From Pilot Require Import Defs.
From HB Require Import structures.
From mathcomp Require Import all_boot all_order all_algebra.
From mathcomp Require Import complex.
From mathcomp Require Import boolp classical_sets reals.
From mathcomp Require Import ring lra.
Import Order.TTheory GRing.Theory Num.Theory.
Local Open Scope ring_scope.
Local Open Scope classical_set_scope.
Local Open Scope complex_scope.

(* Write q = a*^H R*^-1 a* and u = R*^-1 a*.  By Cauchy-Schwarz in the
   R-inner product, |w^H a|^2 / w^H R w <= a^H R^-1 a with equality at
   w = R^-1 a, so the inner maximum is a^H R^-1 a and the minimax value is q.
   Since a^H R^-1 a = max_z (2 Re z^H a - z^H R z) is a maximum of functions
   affine in (a, R), optimality of the pair a*, R* along the segment towards
   any feasible (a, R) yields the first-order condition
   2 Re u^H a - u^H R u >= q, and AM-GM then gives |u^H a|^2 / u^H R u >= q.
   Hence the inner minimum at w* (a multiple of u) is q, and the maximin
   value, bounded by the minimax value, is q as well. *)

Section ComplexRe.
Set Implicit Arguments.
Unset Strict Implicit.
Variable R : realType.
Implicit Types x : R[i].

Lemma Re_realM (c : R) x : complex.Re (c%:C * x) = c * complex.Re x.
Proof. by case: x => a b /=; rewrite mul0r subr0. Qed.

Lemma Re_conjc x : complex.Re (Num.conj x) = complex.Re x.
Proof. by case: x. Qed.

Lemma conj_realC (c : R) : Num.conj c%:C = c%:C.
Proof. exact: conjc_real. Qed.
(* Let $\Lambda$ be a finite non-uniform rectangular grid. Then there exists a plane geometric graph on the set of vertices of $\Lambda$ whose maximum vertex degree is at most $3$ and whose stretch factor is at most $3\sqrt{2}$.
   Context: A finite non-uniform $m\times k$ rectangular grid $\Lambda$ has as vertices the $mk$ intersection points of $m$ horizontal lines and $k$ vertical lines, where the spacings between consecutive horizontal lines and between consecutive vertical lines are arbitrary. A geometric graph has straight-segment edges weighted by Euclidean length; its stretch factor is the smallest $t$ such that the shortest-path distance between any two vertices $u,v$ is at most $t|uv|$. A graph is plane if no two edges cross. *)

From mathcomp Require Import all_boot all_order all_algebra.
From mathcomp Require Import reals.
Set Implicit Arguments. Unset Strict Implicit. Unset Printing Implicit Defensive.
Import Order.TTheory GRing.Theory Num.Theory.
Local Open Scope ring_scope.

Section Geom.
Variable R : realType.

Definition dist (a b : R * R) : R :=
  Num.sqrt ((a.1 - b.1) ^+ 2 + (a.2 - b.2) ^+ 2).

Definition on_seg (a b z : R * R) : Prop :=
  exists2 t : R, 0 <= t <= 1 &
    z = (a.1 + t * (b.1 - a.1), a.2 + t * (b.2 - a.2)).

Variables (V : finType) (pos : V -> R * R) (e : rel V).

Definition simple_graph : Prop := symmetric e /\ irreflexive e.

Definition max_degree_le (d : nat) : Prop :=
  forall v : V, (#|[set w | e v w]| <= d)%N.

Definition plane : Prop :=
  forall a b c d : V, e a b -> e c d -> [set a; b] != [set c; d] ->
    forall z, on_seg (pos a) (pos b) z -> on_seg (pos c) (pos d) z ->
      exists2 w, w \in [set a; b] :&: [set c; d] & z = pos w.

Definition path_length (u : V) (s : seq V) : R :=
  \sum_(i < size s) dist (pos (nth u (u :: s) i)) (pos (nth u s i)).

(* stretch factor at most t: every pair u, v is joined by a path in e
   of Euclidean length at most t |uv| (hence the shortest-path distance,
   a minimum over finitely many simple paths, is at most t |uv|) *)
Definition stretch_factor_le (t : R) : Prop :=
  forall u v : V, exists s : seq V,
    [/\ path e u s, last u s = v & path_length u s <= t * dist (pos u) (pos v)].

End Geom.

From mathcomp Require Import all_boot all_order all_algebra reals.
From mathcomp Require Import zify ring lra.
Import Order.TTheory GRing.Theory Num.Theory.
Set Implicit Arguments. Unset Strict Implicit. Unset Printing Implicit Defensive.

(* Start from the full grid graph and delete some edges. A deleted edge [e] is
   bypassed along the other three sides of a unit cell containing it whose
   sides perpendicular to [e] are not longer than [e]; this detour has length
   at most 3|e|. Following a monotone grid path from u to v therefore
   gives stretch 3 for the L1 distance, hence 3 sqrt 2 for the Euclidean one,
   and planarity is inherited from the grid.
   Only edges on odd staircases are deleted, staircase s consisting of the
   edges leaving the diagonal i + j = s rightwards or upwards: consecutive
   edges of a staircase share a vertex, and the sides of a cell lie two by two
   on two consecutive staircases. On each odd staircase we delete a set of
   edges meeting every consecutive pair, which removes an edge at every
   interior vertex and so bounds the degree by 3, such that every deleted edge
   has a kept, not longer neighbour on its staircase; these two span a cell
   whose other two sides, lying on an even staircase, are kept.
   Such a set exists on any path whose links are oriented towards their
   shorter end: it is the kernel of an acyclic digraph, built here from the
   right end by a two-step induction. *)

Section DeletionsOnPaths.
Variables (link left_shorter : nat -> bool) (N : nat).
Hypothesis link_lt : forall t, link t -> t < N.

(* Only positions from [a] on count, so that a solution on a suffix can be
   extended to the left. *)
Definition supported a (del : nat -> bool) t :=
  [&& a < t, link t.-1, left_shorter t.-1 & ~~ del t.-1] ||
  [&& link t, ~~ left_shorter t & ~~ del t.+1].

Definition deletion_from a del := forall t, a <= t ->
  (link t -> del t || del t.+1) /\ (del t -> supported a del t).

Definition keeps a := {del | deletion_from a del & ~~ del a}.

Definition leans a := link a && ~~ left_shorter a.

Definition keeps_or_leans a := (keeps a + leans a * keeps a.+1)%type.

Definition upd (del : nat -> bool) a v t := if t == a then v else del t.

Lemma upd_same del a v : upd del a v a = v.
Proof. by rewrite /upd eqxx. Qed.

Lemma upd_other del a v t : t != a -> upd del a v t = del t.
Proof. by move=> /negbTE; rewrite /upd => ->. Qed.

Lemma deletion_from_prefix a b del del' : a <= b ->
    deletion_from b del -> (forall t, b <= t -> del' t = del t) ->
    (forall t, a <= t < b ->
      (link t -> del' t || del' t.+1) /\ (del' t -> supported a del' t)) ->
  deletion_from a del'.
Proof.
move=> le_ab D del'E pre t le_at.
have [lt_tb|le_bt] := ltnP t b; first by apply: pre; rewrite le_at.
have [cover sup] := D t le_bt; rewrite !del'E ?(leqW le_bt) //; split=> // /sup.
case/orP=> [/and4P[lt_bt l s d]|/and3P[l s d]]; apply/orP; [left|right].
  have -> : del' t.-1 = del t.-1 by apply: del'E; lia.
  by rewrite l s d !andbT; lia.
by rewrite del'E ?l ?s ?d // leqW.
Qed.

Lemma keeps_beyond a : N <= a -> keeps a.
Proof.
move=> le_Na; exists (fun _ => false) => // t le_at.
by split=> // /link_lt; lia.
Qed.

Lemma keeps_isolated a : ~~ link a -> {del | deletion_from a.+1 del} -> keeps a.
Proof.
move=> /negbTE nla [del D]; exists (upd del a false); last by rewrite upd_same.
apply: deletion_from_prefix (leqnSn a) D _ _ => [t lt_at|t /andP[le_at lt_ta]].
  by rewrite upd_other //; lia.
have -> : t = a by lia.
by rewrite nla upd_same.
Qed.

Lemma keeps_by_deleting_next a del : deletion_from a.+2 del ->
    (link a && left_shorter a) || (leans a.+1 && ~~ del a.+2) -> keeps a.
Proof.
move=> D sup1; set del' := upd (upd del a.+1 true) a false.
have del'0 : del' a = false by rewrite /del' upd_same.
have del'1 : del' a.+1 = true by rewrite /del' upd_other ?upd_same //; lia.
have del'2 : del' a.+2 = del a.+2 by rewrite /del' !upd_other //; lia.
exists del'; last by rewrite del'0.
apply: deletion_from_prefix (leqW (leqnSn a)) D _ _ => [t lt_at|t].
  by rewrite /del' !upd_other //; lia.
move=> /andP[le_at lt_ta]; have [->|->] : t = a \/ t = a.+1 by lia.
  by rewrite del'1 orbT del'0.
rewrite /supported /= del'0 del'1 del'2 ltnSn; split=> // _.
by case/orP: sup1 => [/andP[-> ->] //|/andP[/andP[-> ->] ->]]; rewrite orbT.
Qed.

Lemma deletion_of_keeps_or_leans a : keeps_or_leans a -> {del | deletion_from a del}.
Proof.
case=> [[del D _]|[lean_a [del D keep_a1]]]; first by exists del.
exists (upd del a true).
apply: deletion_from_prefix (leqnSn a) D _ _ => [t lt_at|t /andP[le_at lt_ta]].
  by rewrite upd_other //; lia.
have -> : t = a by lia.
rewrite /supported upd_same upd_other; last by lia.
by case/andP: lean_a => -> ->; rewrite keep_a1 orbT.
Qed.

Lemma keeps_or_leans_step a : keeps_or_leans a.+1 -> keeps_or_leans a.+2 -> keeps_or_leans a.
Proof.
move=> S1 S2; have [la|nla] := boolP (link a); last first.
  by left; apply: keeps_isolated nla (deletion_of_keeps_or_leans S1).
have [sa|nsa] := boolP (left_shorter a).
  have [del D] := deletion_of_keeps_or_leans S2.
  by left; apply: keeps_by_deleting_next D _; rewrite la sa.
have lean_a : leans a by rewrite /leans la nsa.
case: S1 => [keep_a1|[lean_a1 [del D keep_a2]]]; first by right.
by left; apply: keeps_by_deleting_next D _; rewrite lean_a1 keep_a2 orbT.
Qed.
Lemma sum_lt_alternating (a : nat -> R) N :
  sum_lt (fun q => (-1)^(S q) * a (S q)) (2 * N)
  = 2 * sum_lt (fun p => a (2 * S p)%nat) N - sum_lt (fun q => a (S q)) (2 * N).
Proof.
  induction N; [simpl; ring |].
  replace (2 * S N)%nat with (S (S (2 * N))) by lia. cbn [sum_lt]. rewrite IHN.
  rewrite pow_1_odd.
  replace (S (S (2 * N))) with (2 * S N)%nat by lia. rewrite pow_1_even.
  replace (S (2 * N)) with (2 * N + 1)%nat by lia.
  replace (2 * S N)%nat with (S (2 * N + 1)) by lia. ring.
Qed.

Section Orbit.

Variables s k : nat.
Hypothesis s_pos : (0 < s)%nat.
Hypothesis s_lt_k : (s < k)%nat.
Hypothesis coprime_s_k : Nat.gcd s k = 1%nat.

Definition theta : R := PI * INR s / INR k.

Definition weight (j : nat) : R := 1 + cos (2 * (INR j * theta)).

Definition unity_cos_sum (n : nat) : R :=
  sum_lt (fun j => cos (INR n * (2 * (INR j * theta)))) k.

Definition weighted_cos_sum (m : nat) : R :=
  sum_lt (fun j => weight j * cos (INR m * (2 * (INR j * theta)))) k.

(* [(1/k) sum_(j<k) weight j * a_m j], where [a_m j] is the [m]-th term of the Fourier series
   [log_cos_partial] at [phi = 2 j theta]. *)
Definition mean_fourier_term (m : nat) : R :=
  (-1)^m / INR (S m) * weighted_cos_sum (S m) / INR k.

(* The net contribution of the block boundary at index [q k]; it equals
   [1 / (q k ((q k)^2 - 1))]. *)
Definition block_defect (q : nat) : R :=
  / 2 / (INR q * INR k - 1) + / 2 / (INR q * INR k + 1) - / (INR q * INR k).

Definition weighted_log_mean : R :=
  sum_lt (fun j => weight j * (ln (2 + 2 * cos (2 * (INR j * theta))) / 2)) k / INR k.

Lemma two_le_k : (2 <= k)%nat.
Proof. clear coprime_s_k. lia. Qed.

Lemma INR_k_ge_2 : 2 <= INR k.
Proof. apply (le_INR 2), two_le_k. Qed.

Lemma inv_INR_k_bounds : 0 < / INR k < 1.
Proof.
  pose proof INR_k_ge_2. split; [apply Rinv_0_lt_compat; lra |].
  rewrite <- Rinv_1. apply Rinv_lt_contravar; lra.
Qed.

Lemma weight_nonneg j : 0 <= weight j.
Proof. unfold weight. pose proof (COS_bound (2 * (INR j * theta))). lra. Qed.

Lemma weight_periodic j : weight (j + k) = weight j.
Proof.
  pose proof INR_k_ge_2. unfold weight.
  replace (2 * (INR (j + k) * theta)) with (2 * (INR j * theta) + 2 * INR s * PI)
    by (unfold theta; rewrite plus_INR; field; lra).
  rewrite cos_period. reflexivity.
Qed.

Lemma unity_cos_sum_dvd n : Nat.divide k n -> unity_cos_sum n = INR k.
Proof.
  intros [q ->]. pose proof INR_k_ge_2. unfold unity_cos_sum.
  rewrite (sum_lt_ext _ (fun _ => 1)), sum_lt_const; [ring |].
  intros j _.
  replace (INR (q * k) * (2 * (INR j * theta))) with (0 + 2 * INR (q * j * s) * PI)
    by (unfold theta; rewrite !mult_INR; field; lra).
  rewrite cos_period. apply cos_0.
Qed.

(* Coprimality makes [sin (n theta) <> 0], and then [sin_mul_sum_cos] telescopes to [0]. *)
Lemma unity_cos_sum_ndvd n : ~ Nat.divide k n -> unity_cos_sum n = 0.
Proof.
  intro Hn. pose proof INR_k_ge_2. set (a := 2 * INR n * theta).
  assert (Hsin : sin (a / 2) <> 0).
  { intro H0. apply sin_eq_0_0 in H0. destruct H0 as [z Hz].
    assert (E : INR (n * s) = IZR z * INR k).
    { rewrite mult_INR. apply (Rmult_eq_reg_r (PI / INR k)).
      - replace (IZR z * INR k * (PI / INR k)) with (IZR z * PI) by (field; lra).
        rewrite <- Hz. unfold a, theta. field. lra.
      - pose proof PI_RGT_0. apply Rgt_not_eq, Rdiv_lt_0_compat; lra. }
    rewrite INR_IZR_INZ, INR_IZR_INZ, <- mult_IZR in E. apply eq_IZR in E.
    apply Hn, (Nat.gauss _ s); [| rewrite Nat.gcd_comm; exact coprime_s_k].
    exists (Z.to_nat z). nia. }
  pose proof (sin_mul_sum_cos a k) as T.
  replace ((INR k - 1/2) * a) with (- (a / 2) + 2 * INR (n * s) * PI) in T
    by (unfold a, theta; rewrite mult_INR; field; lra).
  rewrite sin_period, sin_neg, Rplus_opp_l in T.
  unfold unity_cos_sum. rewrite (sum_lt_ext _ (fun j => cos (INR j * a)))
    by (intros j _; f_equal; unfold a; ring).
  apply (Rmult_eq_reg_l (2 * sin (a / 2))); [rewrite T; ring | lra].
Qed.

Lemma unity_cos_sum_offset P i : (i < k)%nat ->
  unity_cos_sum (P * k + i) = if Nat.eqb i 0 then INR k else 0.
Proof.
  intro Hi. destruct (Nat.eqb_spec i 0) as [-> | Hi0].
  - apply unity_cos_sum_dvd. exists P. lia.
  - apply unity_cos_sum_ndvd. intro H.
    apply (Nat.divide_add_cancel_r _ (P * k)) in H; [| exists P; reflexivity].
    apply Nat.divide_pos_le in H; lia.
Qed.

Lemma unity_cos_sum_offset_S P i : (i < k)%nat ->
  unity_cos_sum (P * k + S i) = if Nat.eqb i (k - 1) then INR k else 0.
Proof.
  intro Hi. destruct (Nat.eqb_spec i (k - 1)).
  - replace (P * k + S i)%nat with (S P * k + 0)%nat by lia.
    apply unity_cos_sum_offset. lia.
  - rewrite unity_cos_sum_offset by lia. reflexivity.
Qed.

Lemma unity_cos_sum_offset_SS P i : (i < k)%nat ->
  unity_cos_sum (P * k + S (S i)) = if Nat.eqb i (k - 2) then INR k else 0.
Proof.
  intro Hi. pose proof two_le_k.
  destruct (Nat.eqb_spec i (k - 2)), (Nat.eqb_spec i (k - 1)).
  - lia.
  - replace (P * k + S (S i))%nat with (S P * k + 0)%nat by lia.
    apply unity_cos_sum_offset. lia.
  - replace (P * k + S (S i))%nat with (S P * k + 1)%nat by lia.
    rewrite unity_cos_sum_offset by lia. reflexivity.
  - rewrite unity_cos_sum_offset by lia. reflexivity.
Qed.

Lemma weighted_cos_sum_unity m : (1 <= m)%nat ->
  weighted_cos_sum m = unity_cos_sum m + / 2 * unity_cos_sum (S m)
                       + / 2 * unity_cos_sum (m - 1).
Proof.
  intro Hm. unfold weighted_cos_sum, unity_cos_sum.
  rewrite <- !sum_lt_scal, <- !sum_lt_plus. apply sum_lt_ext. intros j _.
  unfold weight. set (p := 2 * (INR j * theta)).
  replace (INR (S m) * p) with (INR m * p + p) by (rewrite S_INR; ring).
  replace (INR (m - 1) * p) with (INR m * p - p) by (rewrite minus_INR by lia; simpl; ring).
  rewrite cos_plus, cos_minus. field.
Qed.

(* By [weighted_cos_sum_unity], [mean_fourier_term m] vanishes unless [k] divides [m], [m + 1]
   or [m + 2]. *)
Lemma sum_mean_fourier_term_block P :
  sum_lt (fun i => mean_fourier_term (P * k + i)) k =
  (-1)^(P * k + (k - 1)) / INR (S (P * k + (k - 1)))
  + / 2 * ((-1)^(P * k + (k - 2)) / INR (S (P * k + (k - 2))))
  + / 2 * ((-1)^(P * k + 0) / INR (S (P * k + 0))).
Proof.
  pose proof INR_k_ge_2. pose proof two_le_k.
  set (f := fun i => (-1)^(P * k + i) / INR (S (P * k + i))).
  rewrite (sum_lt_ext _ (fun i => f i * (if Nat.eqb i (k - 1) then 1 else 0)
     + / 2 * (f i * (if Nat.eqb i (k - 2) then 1 else 0))
     + / 2 * (f i * (if Nat.eqb i 0 then 1 else 0)))).
  - rewrite !sum_lt_plus, !sum_lt_scal, !sum_lt_indicator by lia. reflexivity.
  - intros i Hi. unfold mean_fourier_term. rewrite weighted_cos_sum_unity by lia.
    replace (S (P * k + i)) with (P * k + S i)%nat by lia.
    replace (S (P * k + S i)) with (P * k + S (S i))%nat by lia.
    replace (P * k + S i - 1)%nat with (P * k + i)%nat by lia.
    rewrite unity_cos_sum_offset_S, unity_cos_sum_offset_SS, unity_cos_sum_offset by lia.
    unfold f. replace (P * k + S i)%nat with (S (P * k + i)) by lia.
    assert (INR (S (P * k + i)) <> 0) by (apply not_0_INR; lia).
    destruct (Nat.eqb i (k - 1)), (Nat.eqb i (k - 2)), (Nat.eqb i 0);
      field; split; lra.
Qed.
(* Let $\mathcal{P}=\{1,\dots,p\}$, let $M(1),\dots,M(p)\in\mathbb{R}^{n\times n}$ be exponentially stable (Hurwitz) matrices, and let $N\in\mathbb{R}^{n\times n}$ be a fixed matrix. Let $\tau_D>0$, $N_0>0$ and $\lambda>0$. Then there exists $g_0>0$ such that for every $g\ge g_0$ there is a constant $c>0$ such that, for every switching signal $\sigma\in\mathcal{S}_{ave}(\tau_D,N_0)$ and every initial condition, the solution of $\dot x=\big(N+gM(\sigma(t))\big)x$ satisfies $\|x(t)\|\le c\,e^{-\lambda t}\|x(0)\|$ for all $t\ge0$.
   Context: A switching signal is a piecewise-constant, right-continuous map $\sigma:[0,\infty)\to\mathcal{P}$ with finitely many discontinuities on each bounded interval. For $t\ge t_0\ge0$, $N_\sigma(t_0,t)$ is the number of discontinuities of $\sigma$ in the open interval $(t_0,t)$, and $\mathcal{S}_{ave}(\tau_D,N_0)$ is the set of switching signals with $N_\sigma(t_0,t)\le N_0+\frac{t-t_0}{\tau_D}$ for all $t\ge t_0\ge0$. $\|\cdot\|$ is any vector norm (with induced matrix norm). *)

(* classical reals. Vectors in R^n are functions nat -> R
   (components 0..n-1), n x n matrices are functions nat -> nat -> R. *)
From Stdlib Require Import Reals Lra List.
Import ListNotations.
Open Scope R_scope.

(* the 1-norm on R^n (any norm works, all norms are equivalent) *)
Definition vnorm (n : nat) (v : nat -> R) : R :=
  fold_right Rplus 0 (map (fun i => Rabs (v i)) (seq 0 n)).

Definition mat_vec (n : nat) (A : nat -> nat -> R) (v : nat -> R) (i : nat) : R :=
  fold_right Rplus 0 (map (fun j => A i j * v j) (seq 0 n)).

Definition right_deriv (f : R -> R) (t l : R) : Prop :=
  forall eps, 0 < eps -> exists delta, 0 < delta /\
    forall h, 0 < h < delta -> Rabs ((f (t + h) - f t) / h - l) < eps.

§ Aim of the task
Please give the number of lines with "Local" in the entries above, and write no other text.

§ Response for this exercise
4